George Frideric Handel, Clever Finance Guy?

“Handel seems to have been among the very first modern musicians not to rely on patronage of court or cathedral for his main income. Instead, he was an entrepreneurial promoter, risking his own money on operas and oratorios. … Eventually, oratorios made him a rich man. But he also did quite a lot of investing, and some records survive of his investments in the newly emerging financial markets.”

For Baryshnikov, A New Job Duty: Making The Ask

“Just as he mastered pirouettes years ago as a young dancer, Mikhail Baryshnikov is getting the hang of asking friends and strangers to donate to his nonprofit Manhattan arts center. ‘I was better at raising money for someone else than I was for myself, but I’m getting better’ at buttonholing for the Baryshnikov Arts Center, said the 61-year-old dancer and artistic director….”

Russia And Ukraine Are Bickering — Over Nikolai Gogol

“Gogol once wrote that he could never decide whether his soul was Russian or Ukrainian. In an era when Ukrainian aspirations for nationhood were dormant, he did not see the two as contradictory; for him, Ukraine and Russia were inseparable parts of a greater whole. Unsurprisingly, many Russian politicians and pundits have seized on this theme, making the bicentennial [of Gogol’s birth] an occasion to affirm Russian-Ukrainian unity — and snipe at Ukrainians who are less than fond of the idea.”

Shakespeare Vs Fake Shakespeare (Presumably)

“On one side, there is the 162-year-old Shakespeare Birthplace Trust, based in Stratford, Shakespeare’s hometown.

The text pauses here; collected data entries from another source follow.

(* For any simple undirected graph $G$, $$n_G(\mathcal{L}_5)=\frac12\sum_{st\in E}\big(g_1(s,t)+g_1(t,s)\big),\qquad g_1(s,t)=\sum_{u\in\Gamma(s)\setminus\{t\}}\Big((k_t-1-a_{ut})(k_u-1-a_{ut})+1-|c(t,u)|\Big).$$
   Context: $a_{ij}$ adjacency entries, $k_x$ degree, $\Gamma(x)$ neighbourhood, $c(t,u)=\Gamma(t)\cap\Gamma(u)$. $\mathcal{L}_5$ is the path on 5 vertices; $n_G(F)$ counts (not necessarily induced) subgraphs isomorphic to $F$. *)

(* A simple graph on vertex set 'I_n is a symmetric,
   irreflexive boolean relation e. *)
From HB Require Import structures.
From mathcomp Require Import all_boot all_order all_algebra.
Set Implicit Arguments. Unset Strict Implicit. Unset Printing Implicit Defensive.
Import Order.TTheory GRing.Theory Num.Theory.

Section Graph.
Variable n : nat.
Variable e : rel 'I_n.

Definition edges : {set {set 'I_n}} :=
  [set A : {set 'I_n} | [exists x, exists y, e x y && (A == [set x; y])]].

Definition adj (x y : 'I_n) : nat := e x y.
Definition deg (x : 'I_n) : nat := #|[set y | e x y]|.
Definition common (t u : 'I_n) : {set 'I_n} := [set y | e t y && e u y].

Definition path5_edges (f : {ffun 'I_5 -> 'I_n}) : {set {set 'I_n}} :=
  [set [set f (inord i); f (inord i.+1)] | i : 'I_4].

(* n_G(L_5): number of (not necessarily induced) subgraphs of G isomorphic
   to the path on 5 vertices.  Since L_5 has no isolated vertices such a
   subgraph is determined by its edge set, which must be the edge set of
   an injectively embedded path on 5 vertices. *)
Definition nP5 : nat :=
  #|[set S : {set {set 'I_n}} | (S \subset edges) &&
       [exists f : {ffun 'I_5 -> 'I_n}, injectiveb f && (S == path5_edges f)]]|.

Local Open Scope ring_scope.

Definition g1 (s t : 'I_n) : int :=
  \sum_(u : 'I_n | e s u && (u != t))
     (((deg t)%:Z - 1 - (adj u t)%:Z) * ((deg u)%:Z - 1 - (adj u t)%:Z)
      + 1 - (#|common t u|)%:Z).

End Graph.

From HB Require Import structures.
From mathcomp Require Import all_boot all_order all_algebra zify.
Set Implicit Arguments. Unset Strict Implicit. Unset Printing Implicit Defensive.
Import Order.TTheory GRing.Theory Num.Theory.

(* An embedding of L_5 is an injective map f : 'I_5 -> V sending consecutive
   vertices to adjacent ones.  Every copy of L_5 in G has exactly two
   embeddings, f and its reversal, as these are the only orderings of its five
   vertices along its four edges; hence there are 2 n_G(L_5) embeddings.
   Count them by the middle vertex s and its neighbours t <> u on the path:
   the ends are x in A = Γ(t) \ {s,u} and y in B \ {x}, B = Γ(u) \ {s,t},
   which leaves |A||B| - |A ∩ B| choices, where |A| = k_t - 1 - a_ut,
   |B| = k_u - 1 - a_ut and |A ∩ B| = |c(t,u)| - 1 (s is the common neighbour
   of t and u that was removed).  Summed over the ordered edges (s,t) this is
   the sum of g_1(s,t), and each unordered edge contributes
   g_1(s,t) + g_1(t,s). *)

Lemma sum_card_setD1 (T : finType) (A B : {set T}) :
  \sum_(x in A) #|B :\ x| + #|A :&: B| = #|A| * #|B|.
Proof.
rewrite -sum_nat_const /setI -sum1dep_card big_mkcondr -big_split /=.
by apply: eq_bigr => x _; rewrite [RHS](cardsD1 x) addnC; case: (x \in B).
Qed.

Lemma sum_pair (A B : finType) (F : A * B -> nat) : \sum_p F p = \sum_a \sum_b F (a, b).
Proof. by rewrite pair_bigA; apply: eq_bigr => -[]. Qed.

Definition consecutive (a b : nat) : bool := (a == b.+1) || (b == a.+1).

Lemma inord_neqS (i : 'I_4) : (inord i : 'I_5) != inord i.+1.
Proof. by have lt_i4 := ltn_ord i; apply/eqP => /(congr1 val); rewrite /= !inordK; lia. Qed.

Lemma consecutive_window (j : 'I_4) (a b : 'I_5) :
  a \in [set inord j; inord j.+1] -> b \in [set inord j; inord j.+1] -> a != b ->
  consecutive a b.
Proof.
have lt_j4 := ltn_ord j.
by move=> /set2P [->|->] /set2P [->|->]; rewrite ?eqxx // /consecutive !inordK ?eqxx ?orbT //; lia.
Qed.

Lemma ord5_window (k : 'I_5) : exists i : 'I_4, k = inord i \/ k = inord i.+1.
Proof.
exists (inord k.-1); have := ltn_ord k.
by case: k => [[|m] lt_k5] /=; [left | right]; apply: val_inj; rewrite /= !inordK //; lia.
Qed.

Lemma rev_ord_inord (i : 'I_4) : rev_ord (inord i : 'I_5) = inord (rev_ord i).+1.
Proof. by have lt_i4 := ltn_ord i; apply: val_inj; rewrite /= !inordK; lia. Qed.

Lemma rev_ord_inordS (i : 'I_4) : rev_ord (inord i.+1 : 'I_5) = inord (rev_ord i).
Proof. by have lt_i4 := ltn_ord i; apply: val_inj; rewrite /= !inordK; lia. Qed.

Lemma consecutive_perm_iota5 (l : seq nat) :
  perm_eq l (iota 0 5) -> sorted consecutive l -> l = iota 0 5 \/ l = rev (iota 0 5).
Proof.
have checked : all (fun l => sorted consecutive l ==> (l == iota 0 5) || (l == rev (iota 0 5)))
                   (permutations (iota 0 5)) by vm_compute.
rewrite -mem_permutations => /(allP checked) /implyP /[apply].
by case/orP => /eqP ->; [left | right].
Qed.

Lemma path5_automorphism (σ : 'I_5 -> 'I_5) : injective σ ->
  (forall i : 'I_4, consecutive (σ (inord i)) (σ (inord i.+1))) -> σ =1 id \/ σ =1 @rev_ord 5.
Proof.
move=> σ_inj σ_cons.
pose l := map val (codom σ).
have nth_l (k : 'I_5) : nth 0 l k = σ k.
  by rewrite /l codomE -map_comp (nth_map ord0) ?size_enum_ord ?nth_ord_enum.
have l_perm : perm_eq l (iota 0 5).
  rewrite /l -val_enum_ord perm_map //; apply: uniq_perm; rewrite ?enum_uniq //.
    by rewrite codomE map_inj_uniq ?enum_uniq.
  by move=> k; rewrite mem_enum (injF_onto σ_inj).
have l_sorted : sorted consecutive l.
  apply/(sortedP 0) => k; rewrite /l size_map size_codom card_ord => lt_k4.
  by have := σ_cons (@Ordinal 4 k lt_k4); rewrite -!nth_l !inordK // ltnW.
have [l_eq | l_eq] := consecutive_perm_iota5 l_perm l_sorted; [left | right] => k;
  apply: val_inj; rewrite /= -nth_l l_eq; case: k => [[|[|[|[|[|?]]]]] ?] //.
Qed.

Lemma enum_ord5 : enum 'I_5 = [:: inord 0; inord 1; inord 2; inord 3; inord 4].
Proof. by apply: (inj_map val_inj); rewrite val_enum_ord /= !inordK. Qed.

Section Path5Edges.
Variable n : nat.
Local Notation V := 'I_n.
Implicit Types f g : {ffun 'I_5 -> V}.

Definition path5_rev f : {ffun 'I_5 -> V} := [ffun k => f (rev_ord k)].

Lemma path5_edges_rev f : path5_edges (path5_rev f) = path5_edges f.
Proof.
apply/setP => A; apply/imsetP/imsetP => -[i _ ->]; exists (rev_ord i) => //;
  by rewrite !ffunE rev_ord_inord rev_ord_inordS ?rev_ordK setUC.
Qed.

Lemma path5_rev_neq f : injective f -> path5_rev f != f.
Proof.
by move=> f_inj; apply/eqP => /ffunP /(_ ord0); rewrite ffunE => /f_inj /(congr1 val).
Qed.

Lemma eq_path5_edges f g : injective f -> injective g ->
  path5_edges g = path5_edges f -> g = f \/ g = path5_rev f.
Proof.
move=> f_inj g_inj eq_fg.
have edge_g (i : 'I_4) : exists j : 'I_4,
    [set g (inord i); g (inord i.+1)] = [set f (inord j); f (inord j.+1)].
  have : [set g (inord i); g (inord i.+1)] \in path5_edges f by rewrite -eq_fg; apply: imset_f.
  by case/imsetP => j _ ->; exists j.
have /fin_all_exists [σ gσ] (k : 'I_5) : exists j, g k = f j.
  have [i k_i] := ord5_window k; have [j eq_ij] := edge_g i.
  have : g k \in [set f (inord j); f (inord j.+1)].
    by rewrite -eq_ij; case: k_i => ->; rewrite ?set21 ?set22.
  by case/set2P => ->; eexists.
have σ_inj : injective σ by move=> a b eq_ab; apply: g_inj; rewrite !gσ eq_ab.
have σ_window (a : 'I_5) (j : 'I_4) :
    g a \in [set f (inord j); f (inord j.+1)] -> σ a \in [set inord j; inord j.+1].
  by rewrite gσ !inE !(inj_eq f_inj).
have σ_cons (i : 'I_4) : consecutive (σ (inord i)) (σ (inord i.+1)).
  have [j eq_ij] := edge_g i; apply: (consecutive_window (j := j)).
  - by apply: (σ_window _ j); rewrite -eq_ij set21.
  - by apply: (σ_window _ j); rewrite -eq_ij set22.
  - by rewrite (inj_eq σ_inj) inord_neqS.
have [σ_id | σ_rev] := path5_automorphism σ_inj σ_cons; [left | right];
  by apply/ffunP => k; rewrite ?ffunE gσ ?σ_id ?σ_rev.
Qed.

End Path5Edges.

Section Embeddings.
Variable n : nat.
Variable e : rel 'I_n.
Hypothesis e_sym : symmetric e.
Hypothesis e_irr : irreflexive e.
Local Notation V := 'I_n.
Implicit Types (x y s t u : V) (f g : {ffun 'I_5 -> V}).

Definition path5_embeddings : {set {ffun 'I_5 -> V}} :=
  [set f : {ffun 'I_5 -> V} | injectiveb f && [forall i : 'I_4, e (f (inord i)) (f (inord i.+1))]].

Lemma path5_rev_embedding f :
  f \in path5_embeddings -> path5_rev f \in path5_embeddings.
Proof.
rewrite !inE => /andP [/injectiveP f_inj /forallP f_edge]; apply/andP; split.
  by apply/injectiveP => a b; rewrite !ffunE => /f_inj /rev_ord_inj.
by apply/forallP => i; rewrite !ffunE rev_ord_inord rev_ord_inordS e_sym.
Qed.

Lemma mem_edges x y : x != y -> ([set x; y] \in edges e) = e x y.
Proof.
move=> neq_xy; rewrite inE; apply/existsP/idP => [[a /existsP [b /andP [e_ab /eqP xy_ab]]] | e_xy].
  have /set2P x_ab : x \in [set a; b] by rewrite -xy_ab set21.
  have /set2P y_ab : y \in [set a; b] by rewrite -xy_ab set22.
  by case: x_ab y_ab neq_xy => -> [] ->; rewrite ?eqxx // => _; rewrite // e_sym.
by exists x; apply/existsP; exists y; rewrite e_xy eqxx.
Qed.

Lemma path5_edges_sub_edges f : injective f ->
  (path5_edges f \subset edges e) = [forall i : 'I_4, e (f (inord i)) (f (inord i.+1))].
Proof.
move=> f_inj.
have neq_f (i : 'I_4) : f (inord i) != f (inord i.+1) by rewrite (inj_eq f_inj) inord_neqS.
apply/subsetP/forallP => [sub_fe i | f_edge _ /imsetP [i _ ->]].
  by rewrite -mem_edges //; apply/sub_fe/imset_f.
by rewrite mem_edges.
Qed.

Lemma path5_subgraphsE :
  [set S : {set {set V}} | (S \subset edges e) &&
     [exists f : {ffun 'I_5 -> V}, injectiveb f && (S == path5_edges f)]]
  = @path5_edges n @: path5_embeddings.
Proof.
apply/setP => S; rewrite inE; apply/andP/imsetP => [[sub_Se /existsP [f]] | [f]].
  case/andP => f_inj /eqP S_f; exists f => //.
  by rewrite inE f_inj -path5_edges_sub_edges -?S_f //; apply/injectiveP.
rewrite inE => /andP [f_inj f_edge] ->; split.
  by rewrite path5_edges_sub_edges //; apply/injectiveP.
by apply/existsP; exists f; rewrite f_inj eqxx.
Qed.

Lemma path5_edges_fiber f : f \in path5_embeddings ->
  [set g in path5_embeddings | path5_edges g == path5_edges f] = [set f; path5_rev f].
Proof.
move=> f_emb; apply/setP => g; rewrite in_set in_set2; apply/andP/pred2P => [[g_emb /eqP fg] | ].
  move: f_emb g_emb; rewrite !inE => /andP [/injectiveP f_inj _] /andP [/injectiveP g_inj _].
  exact: eq_path5_edges.
by case=> ->; rewrite ?path5_edges_rev ?path5_rev_embedding.
Qed.

Lemma card_path5_embeddings : #|path5_embeddings| = 2 * nP5 e.
Proof.
rewrite /nP5 path5_subgraphsE -sum1_card (partition_big_imset (@path5_edges n)) /=.
rewrite mulnC -sum_nat_const; apply: eq_bigr => _ /imsetP [f f_emb ->].
have f_inj : injective f by move: f_emb; rewrite inE => /andP [/injectiveP].
by rewrite sum1dep_card path5_edges_fiber // cards2 eq_sym path5_rev_neq.
Qed.

Definition is_path5 x t s u y : bool :=
  uniq [:: x; t; s; u; y] && [&& e x t, e t s, e s u & e u y].

Definition nbhd_but t a b : {set V} := [set x | e t x] :\ a :\ b.

Lemma is_path5E x t s u y : is_path5 x t s u y =
  [&& e s t, e s u & u != t] && (x \in nbhd_but t s u) && (y \in nbhd_but u s t :\ x).
Proof.
rewrite /is_path5 /nbhd_but /= !inE !negb_or !andbT.
case: (eqVneq x t) => [-> | _]; first by rewrite e_irr !andbF.
case: (eqVneq t s) => [-> | _]; first by rewrite e_irr !andbF.
case: (eqVneq s u) => [-> | _]; first by rewrite e_irr !andbF.
case: (eqVneq u y) => [-> | _]; first by rewrite e_irr !andbF.
rewrite (eq_sym u t) (eq_sym y x) (eq_sym y t) (eq_sym y s) (e_sym x t) (e_sym t s) /=.
by case: (e t x); case: (e s t); case: (e s u); case: (e u y);
  case: (x != s); case: (x != u); case: (x != y); case: (t != u); case: (t != y); case: (s != y).
Qed.

(* The path x - t - s - u - y is recorded as (s, (t, (u, (x, y)))): the
   order in which the vertices are summed over in g1. *)
Definition path5_coords f : V * (V * (V * (V * V))) :=
  (f (inord 2), (f (inord 1), (f (inord 3), (f (inord 0), f (inord 4))))).

Lemma path5_coords_inj : injective path5_coords.
Proof.
move=> f g [eq2 eq1 eq3 eq0 eq4]; apply/ffunP => k; rewrite -(inord_val k).
by case: (nat_of_ord k) (ltn_ord k) => [|[|[|[|[|?]]]]] // _.
Qed.

Lemma path5_embeddingE f : (f \in path5_embeddings) =
  is_path5 (f (inord 0)) (f (inord 1)) (f (inord 2)) (f (inord 3)) (f (inord 4)).
Proof.
rewrite inE /injectiveb /dinjectiveb enum_ord5; congr (_ && _).
apply/forallP/and4P => [f_edge | [? ? ? ?] [[|[|[|[|?]]]] ?] //].
by split; [move: (f_edge (inord 0)) | move: (f_edge (inord 1)) | move: (f_edge (inord 2))
  | move: (f_edge (inord 3))]; rewrite !inordK.
Qed.

Lemma mem_path5_coords s t u x y :
  ((s, (t, (u, (x, y)))) \in path5_coords @: path5_embeddings) = is_path5 x t s u y.
Proof.
apply/imsetP/idP => [[f f_emb [-> -> -> -> ->]] | xtsuy]; first by rewrite -path5_embeddingE.
pose f : {ffun 'I_5 -> V} := [ffun k : 'I_5 => nth x [:: x; t; s; u; y] k].
by exists f; rewrite ?path5_embeddingE /path5_coords !ffunE !inordK.
Qed.

Lemma deg_nbhd_but t a b : e t a -> a != b -> deg e t = (1 + adj e t b + #|nbhd_but t a b|)%N.
Proof.
move=> e_ta neq_ab; rewrite /deg /nbhd_but (cardsD1 a) inE e_ta.
by rewrite (cardsD1 b (_ :\ a)) !inE eq_sym neq_ab addnA.
Qed.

Manning the opposite parapet is the 153-year-old National Portrait Gallery, based in London, site of Shakespeare’s greatest artistic triumphs and where, in 1603, James I granted royal patronage to the Bard’s acting troupe, the King’s Men.”

Another Suicide Adds To The Plath/Hughes Saga

In the thriving community of Sylvia Plath and Ted Hughes scholars, the suicide of their 47-year-old son has been deeply felt through the prism of his parents’ writings. His birth was vividly chronicled in Ms. Plath’s journals. He was “the baby in the barn” in “Nick and the Candlestick,” from Ms. Plath’s best-known collection, “Ariel,” written in her final months.

Coming Back From Tourette’s After An Onstage Disaster

In 1994, pianist Nic Van Bloss was playing in the international Chopin Competition when he began exhibiting the tics of his Tourette’s Syndrome mid-performance and had to leave the stage. On April 28 he performs in public for the first time since, with a concert at the Cadogan Hall in London. “It will be wonderful to say ‘yes, I can do this, finally’.”